Part of feeling good about yourself is also looking good. This weekend I went clothing shopping with a friend and I bought dresses. For those of you that don’t know me, you may think ‘no big deal’ but the truth is I’ve barely worn a dress in years that wasn’t being put on for a reason. That said I’ve come to realize that although I love a good pair of jeans or yoga pants, I also really love a cute little dress, and even more shocking for me, that I can wear these dresses for no particular reason. So, I bought a few more. I’ll update with some photos if I ever get around to taking them.
I suppose for the longest time I avoided dresses because I felt it separated me from the guys, and honestly I’ve never wanted to be seen as anything other than one of the guys. Now that I’m older, and spending more time with other women, I feel more free to look feminine and not have my credibility undermined. I suppose in a way this post has turned into a question of appearance and gender.
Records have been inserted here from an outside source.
(* Let $V$ be a finite-dimensional real inner product space with unit sphere $S$, let $M\subset V$ be a lattice with $M\otimes_{\mathbf Z}\mathbf R=V$ such that the inner product takes integral values on $M\times M$, let $\sigma\subset V$ be a rational polyhedral cone with respect to $M$, and let $f:V\to\mathbf R$ be a linear functional taking integral values on $M$. If $f$ takes a negative value on $\sigma$ and attains its minimum on $S\cap\sigma$ at $s$, then the ray $\mathbf R_{>0}\cdot s$ contains a unique nonzero indivisible lattice point of $M$.
   Context: A polyhedral cone is a finite intersection of half-spaces $\{g\ge0\}$ with $g$ linear; it is rational with respect to $M$ if it can be cut out by half-spaces defined by linear functionals taking integral values on $M$. A lattice point $m\in M$ is indivisible if $m=Nm'$ with $N\in\mathbf N$, $m'\in M$ implies $N=1$. *)

From HB Require Import structures.
From mathcomp Require Import all_boot all_order all_algebra.
From mathcomp Require Import reals.
Set Implicit Arguments. Unset Strict Implicit. Unset Printing Implicit Defensive.
Import Order.TTheory GRing.Theory Num.Theory.
Local Open Scope ring_scope.

Definition ipG {R : realType} {n : nat} (G : 'M[R]_n) (x y : 'rV[R]_n) : R :=
  (x *m G *m y^T) 0 0.
(* The proximal point x0 of y (minimiser of phi + c |. - y|^2) yields an affine
   minorant with slope 2c(y - x0); c is large enough that it passes above s at y. *)
Lemma affine_minorant {y s} : (s%:E < phi y)%E ->
  exists z c0, (forall x, ((dotv x z - c0)%:E <= phi x)%E) /\ s < dotv y z - c0.
Proof.
move=> lt_s.
have [s' lt_ss' lt_s'] : exists2 s', s < s' & (s'%:E < phi y)%E.
  move: lt_s; case: (phi y) => [r| |] //=; rewrite ?lte_fin => lt_sr.
    by exists ((s + r) / 2); rewrite ?lte_fin; lra.
  by exists (s + 1); [lra | exact: ltry].
have [V nV ltV] := phi_lsc y s' lt_s'.
have [e e0 eV] := nbhs_rV_coord nV.
pose c := `|s' - r1| / e ^+ 2.
have e20 : 0 < e ^+ 2 by rewrite exprn_gt0.
have c0 : 0 <= c by rewrite divr_ge0 // ltW.
have ce : s' - r1 <= c * e ^+ 2 by rewrite divfK ?gt_eqF ?ler_norm.
have F_ge := penalized_ge e0 c0 ce (fun x near_x => ltV _ (eV _ near_x)).
have [x0 x0_min] := penalized_attains_min y c c0.
have [f0 phix0] : exists f0, phi x0 = f0%:E.
  move: (x0_min x1) (phi_ge x0); rewrite phi_x1.
  by case: (phi x0) => [f0| |] // _ _; exists f0.
have sub := penalized_min_subgradient c0 phix0 x0_min.
exists ((2 * c) *: (y - x0)), (2 * c * dotv x0 (y - x0) - f0); split => [x|].
  by apply: le_trans (sub x); rewrite lee_fin dotvZr dotvBl; lra.
move: (F_ge x0); rewrite phix0 -EFinD lee_fin dotvZr.
have : 0 <= c * sqdist y x0 by rewrite mulr_ge0 ?dotv_ge0.
rewrite /sqdist -opprB dotvNl dotvNr opprK dotvBl; nra.
Qed.

End affine_minorant.

Section epigraph.
Context {R : realType} {m : nat}.
Variable phi : 'rV[R]_m -> \bar R.
Hypothesis phiF : inF phi.
Implicit Types (x y : 'rV[R]_m) (t s : R).

Lemma phiK_epi : phiK (epi phi) = phi.
Proof.
have [_ _ _ phi_ge1 _] := phiF; apply/funext => x; rewrite /phiK /epi /=.
case E: (phi x) (phi_ge1 x) => [r| |] // _.
  apply/eqP; rewrite eq_le; apply/andP; split.
    by apply: ereal_inf_lbound; exists r => /=.
  by apply: le_ereal_inf_tmp => _ [t /= ? <-].
rewrite (_ : [set _%:E | _ in _] = set0) ?ereal_inf0 //.
by apply/seteqP; split => // e [t /=]; rewrite leNgt ltey.
Qed.

(* Starting from an affine minorant t >= <x,z> - c0 separating (y,s), the
   Legendre bounds -1 <= L phi z <= 0 allow tilting it, through the constraint
   t >= 1, into a constraint w of the form <w,(x,t)> >= 1. *)
Lemma epi_separation y s : ~ epi phi (y, s) ->
  exists2 w, Tpol (epi phi) w & ip w (y, s) < 1.
Proof.
have [lsc cvx phi0 phi_ge1 leg] := phiF.
rewrite /epi /= => /negP; rewrite -ltNge => lt_s.
have [z [c0 [minor lt_sz]]] := affine_minorant lsc cvx phi0 phi_ge1 lt_s.
have Lz_le : (legendre phi z <= c0%:E)%E.
  apply: ge_ereal_sup => _ [x _ <-]; have := minor x.
  case: (phi x) => [r| |] //= le_r; first by rewrite -EFinB lee_fin; rewrite lee_fin in le_r; lra.
  by rewrite addeNy leNye.
have [lo up] := leg z (le_lt_trans Lz_le (ltry _)).
case E: (legendre phi z) lo up Lz_le => [a'| |] // lo up le_c0.
rewrite !lee_fin in lo up le_c0.
have sup_le x r : phi x = r%:E -> dotv x z - r <= a'.
  by move=> phix; rewrite -lee_fin -E EFinB -phix; apply: ereal_sup_ubound; exists x.
pose a := - a'; pose den := a + dotv y z - s.
have den0 : 0 < den by rewrite /den /a; lra.
pose k := `|s| / den; pose D := 1 + k * a.
have k0 : 0 <= k by rewrite divr_ge0 // ltW.
have kden : k * den = `|s| by rewrite divfK // gt_eqF.
have a0 : 0 <= a by rewrite oppr_ge0.
have D0 : 0 < D by rewrite /D; have := mulr_ge0 k0 a0; lra.
exists ((- k / D) *: z, (k + 1) / D).
  move=> [x t] /= le_t; rewrite /ip /= dotvZr.
  have -> : - k / D * dotv x z + t * ((k + 1) / D) = (t * (k + 1) - k * dotv x z) / D.
    by field; rewrite gt_eqF.
  rewrite ler_pdivlMr // mul1r.
  case E': (phi x) (phi_ge1 x) le_t => [r| |] //; rewrite !lee_fin => r1 rt.
  have := sup_le x r E'; rewrite /D /a => h.
  have : k * (- a') <= k * (t - dotv x z) by rewrite ler_wpM2l //; lra.
  nra.
rewrite /ip /= dotvZl dotvC.
have -> : - k / D * dotv y z + (k + 1) / D * s = (s * (k + 1) - k * dotv y z) / D.
  by field; rewrite gt_eqF.
rewrite ltr_pdivrMr // mul1r; move: kden; rewrite /den /D /a.
by have := ler_norm s; nra.
Qed.
(* Let $\Gamma=\langle V,(w_u)_{u\in V},\alpha,\beta\rangle$ be a star celebrity game with $\beta>1$ and $n=|V|$, and let $G$ be a Nash equilibrium graph of $\Gamma$. If there is $v\in V$ with $\max_{x\in V}d_G(v,x)\le\beta-1$, then $$W(G,\beta)=\sum_{u\in V}\ \sum_{x:\,d_G(u,x)>\beta}w_x\ \le\ \alpha(n-1).$$
   Context: A celebrity game $\Gamma=\langle V,(w_u)_{u\in V},\alpha,\beta\rangle$ consists of a set of players $V=\{1,\dots,n\}$, celebrity weights $w_u>0$, a link cost $\alpha>0$ and a critical distance $\beta$ with $1\le\beta\le n-1$. A strategy of player $u$ is a set $S_u\subseteq V\setminus\{u\}$; a strategy profile is $S=(S_1,\dots,S_n)$; its outcome graph $G[S]$ is the undirected graph on $V$ with edge set $\{\{u,v\}: u\in S_v\text{ or }v\in S_u\}$. With $d_G$ the graph distance (infinite between different connected components), the cost of player $u$ is $c_u(S)=\alpha|S_u|+\sum_{v:\,d_{G[S]}(u,v)>\beta}w_v$. $S$ is a Nash equilibrium if no player can strictly decrease its cost by changing only its own strategy; a graph $G$ is a Nash equilibrium graph if $G=G[S]$ for some Nash equilibrium $S$. $\Gamma$ is a star celebrity game if it has a Nash equilibrium graph that is connected. *)

From mathcomp Require Import all_boot all_order all_algebra.
Set Implicit Arguments. Unset Strict Implicit. Unset Printing Implicit Defensive.
Import Order.TTheory GRing.Theory Num.Theory.

(* A strategy profile: S u is the set of players u buys links to. *)
Definition profile (n : nat) := 'I_n -> {set 'I_n}.

Definition valid_profile n (S : profile n) : Prop := forall u, u \notin S u.

Definition outcome n (S : profile n) : rel 'I_n :=
  fun u v => (u \in S v) || (v \in S u).

Fixpoint ball n (G : rel 'I_n) (k : nat) (u : 'I_n) : {set 'I_n} :=
  match k with
  | 0 => [set u]
  | k'.+1 => ball G k' u :|: [set y | [exists x in ball G k' u, G x y]]
  end.

(* d_G(u,v) > beta  (including d = infinity) *)
Definition far n (G : rel 'I_n) (beta : nat) (u v : 'I_n) : bool :=
  v \notin ball G beta u.

Section Game.
Variable R : realFieldType.
Local Open Scope ring_scope.

Definition cost n (w : 'I_n -> R) (alpha : R) (beta : nat) (S : profile n)
  (u : 'I_n) : R :=
  alpha * (#|S u|)%:R + \sum_(v | far (outcome S) beta u v) w v.

Definition deviate n (S : profile n) (u : 'I_n) (T : {set 'I_n}) : profile n :=
  fun x => if x == u then T else S x.

Definition nash n (w : 'I_n -> R) (alpha : R) (beta : nat) (S : profile n) : Prop :=
  valid_profile S /\
  forall (u : 'I_n) (T : {set 'I_n}), u \notin T ->
    cost w alpha beta S u <= cost w alpha beta (deviate S u T) u.

Definition nash_graph n (w : 'I_n -> R) (alpha : R) (beta : nat) (G : rel 'I_n) : Prop :=
  exists S : profile n, nash w alpha beta S /\ forall u v, G u v = outcome S u v.

Definition connected n (G : rel 'I_n) : Prop :=
  forall u v : 'I_n, exists k, v \in ball G k u.

Definition star_game n (w : 'I_n -> R) (alpha : R) (beta : nat) : Prop :=
  exists G, nash_graph w alpha beta G /\ connected G.

Definition Wcost n (w : 'I_n -> R) (G : rel 'I_n) (beta : nat) : R :=
  \sum_(u : 'I_n) \sum_(x | far G beta u x) w x.

End Game.

(* Some player v is within distance beta - 1 of everybody.  Any other player u
   may add a single link to v, after which everybody is within distance beta
   of u; so at equilibrium the distance part of u's cost is at most alpha.
   The distance part of v's own cost is 0, and summing over the n - 1 players
   u <> v bounds W(G, beta) by alpha (n - 1). *)
From mathcomp Require Import all_boot all_order all_algebra.
Set Implicit Arguments. Unset Strict Implicit. Unset Printing Implicit Defensive.
Import Order.TTheory GRing.Theory Num.Theory.
Local Open Scope ring_scope.

Section Balls.
Variable n : nat.
Implicit Types (G : rel 'I_n) (u v x : 'I_n).

Lemma subrel_ball G (G' : rel 'I_n) k u :
  subrel G G' -> ball G k u \subset ball G' k u.
Proof.
move=> sGG'; elim: k => [|k IHk] //=.
apply/subsetP=> x; rewrite !inE => /orP[xB | /existsP[y /andP[yB Gyx]]].
  by rewrite (subsetP IHk x xB).
by apply/orP; right; apply/existsP; exists y; rewrite (subsetP IHk y yB) sGG'.
Qed.

Lemma eq_ball G (G' : rel 'I_n) k u : G =2 G' -> ball G k u = ball G' k u.
Proof.
by move=> eGG'; apply/eqP; rewrite eqEsubset !subrel_ball // => x y; rewrite eGG'.
Qed.

Lemma ball_subSn G k u : ball G k u \subset ball G k.+1 u.
Proof. exact: subsetUl. Qed.

Lemma ball_sub_leq G k l u : (k <= l)%N -> ball G k u \subset ball G l u.
Proof.
move=> /subnK <-; elim: (l - k)%N => [|m IHm] //.
exact: subset_trans IHm (ball_subSn _ _ _).
Qed.

Lemma ball_adj G k u v x : G u v -> x \in ball G k v -> x \in ball G k.+1 u.
Proof.
move=> Guv; elim: k x => [|k IHk] x /=.
  by rewrite !inE => /eqP ->; apply/orP; right; apply/existsP; exists u; rewrite inE eqxx.
rewrite in_setU inE => /orP[xB | /existsP[y /andP[yB Gyx]]].
  by rewrite in_setU IHk.
by rewrite in_setU inE; apply/orP; right; apply/existsP; exists y; rewrite IHk.
Qed.

End Balls.

Lemma outcome_deviate_subrel n (S : profile n) (u : 'I_n) (T : {set 'I_n}) :
  S u \subset T -> subrel (outcome S) (outcome (deviate S u T)).
Proof.
move=> sST; have sub_dev x : S x \subset deviate S u T x.
  by rewrite /deviate; case: eqP => [-> // | _]; exact: subxx.
move=> a b /orP[ab | ba]; apply/orP; [left | right]; exact: subsetP (sub_dev _) _ _.
Qed.

Section Deviation.
Variables (R : realFieldType) (n : nat) (w : 'I_n -> R) (alpha : R) (beta : nat).
Implicit Types (S : profile n) (G : rel 'I_n) (u c x : 'I_n).

Definition dist_cost G u : R := \sum_(x | far G beta u x) w x.

Lemma cost_dist_cost S u :
  cost w alpha beta S u = alpha * #|S u|%:R + dist_cost (outcome S) u.
Proof. by []. Qed.

Lemma Wcost_dist_cost G : Wcost w G beta = \sum_u dist_cost G u.
Proof. by []. Qed.

Lemma eq_dist_cost G (G' : rel 'I_n) u : G =2 G' -> dist_cost G u = dist_cost G' u.
Proof. by move=> eGG'; apply: eq_bigl => x; rewrite /far (eq_ball _ _ eGG'). Qed.

Lemma dist_cost_center G k c :
  (forall x, x \in ball G k c) -> (k <= beta)%N -> dist_cost G c = 0.
Proof.
move=> cB le_k_beta; apply: big_pred0 => x.
by rewrite /far (subsetP (ball_sub_leq _ _ le_k_beta) x (cB x)).
Qed.

Lemma dist_cost_deviate_center S k u c :
  (forall x, x \in ball (outcome S) k c) -> (k < beta)%N ->
  dist_cost (outcome (deviate S u (c |: S u))) u = 0.
Proof.
move=> cB lt_k_beta; apply: big_pred0 => x; apply/negbF.
apply: (subsetP (ball_sub_leq _ _ lt_k_beta)); apply: (ball_adj (v := c)).
  by rewrite /outcome /deviate eqxx setU11 orbT.
exact: subsetP (subrel_ball k c (outcome_deviate_subrel (subsetUr _ _))) _ (cB x).
Qed.

Lemma nash_dist_cost_le S k u c :
  nash w alpha beta S -> 0 <= alpha -> u != c ->
  (forall x, x \in ball (outcome S) k c) -> (k < beta)%N ->
  dist_cost (outcome S) u <= alpha.
Proof.
move=> [validS nashS] alpha_ge0 uc cB lt_k_beta.
have uT : u \notin c |: S u by rewrite !inE negb_or uc validS.
have := nashS u _ uT; rewrite !cost_dist_cost (dist_cost_deviate_center _ cB) // addr0.
rewrite /deviate eqxx => le_cost.
have card_T : (#|c |: S u| <= (#|S u|).+1)%N by rewrite cardsU1; case: (c \in S u).
rewrite -(lerD2l (alpha * #|S u|%:R)); apply: (le_trans le_cost).
by rewrite -[X in _ + X]mulr1 -mulrDr natr1 ler_wpM2l // ler_nat.
Qed.

End Deviation.

Theorem lemma3 (R : realFieldType) (n : nat) (w : 'I_n -> R) (alpha : R)
  (beta : nat)
  (hw : forall u, 0 < w u) (halpha : 0 < alpha)
  (hbeta1 : (1 <= beta)%N) (hbetan : (beta <= n - 1)%N)
  (hstar : star_game w alpha beta)
  (hbeta : (1 < beta)%N)
  (G : rel 'I_n) (hG : nash_graph w alpha beta G)
  (v : 'I_n) (hv : forall x : 'I_n, x \in ball G (beta - 1) v) :
  Wcost w G beta <= alpha * (n - 1)%:R.
Proof.
case: hG => S [nashS GS].
have lt_beta : (beta - 1 < beta)%N by rewrite ltn_subrL.
have vB x : x \in ball (outcome S) (beta - 1) v by rewrite -(eq_ball _ _ GS).
have other_le u : u != v -> dist_cost w beta G u <= alpha.
  by move=> uv; rewrite (eq_dist_cost _ _ _ GS) (nash_dist_cost_le nashS _ uv vB) ?ltW.
rewrite Wcost_dist_cost (bigD1 v) //= (dist_cost_center w hv) ?leq_subr // add0r.
apply: le_trans (ler_sum _ other_le) _.
by rewrite sumr_const cardC1 card_ord mulr_natr subn1.
Qed.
I was raised mostly by my father and two brothers, so wearing a dress labeled me as ‘cute’. As long as I had on a skirt I wasn’t taken as seriously, I was the ‘princess’. So, as I aged I began to faze dresses, skirts and tights out of my wardrobe, until I only wore dresses while at weddings or walking across stages.
I’ve never realized how tied to my identity and gender my clothing choices had become. For the last few years I’ve always chosen clothing that made me feel attractive and comfortable. But I neglected to consider that they also let me display an assertive outward appearance, or maintain control over my femminity.
Well, now, I suppose I feel comfortable enough in my identity to not worry that I’ll be judged or taken less seriously if I put on a lacy dress.
What about you Raindrops, how tied to your identity are your clothing choices?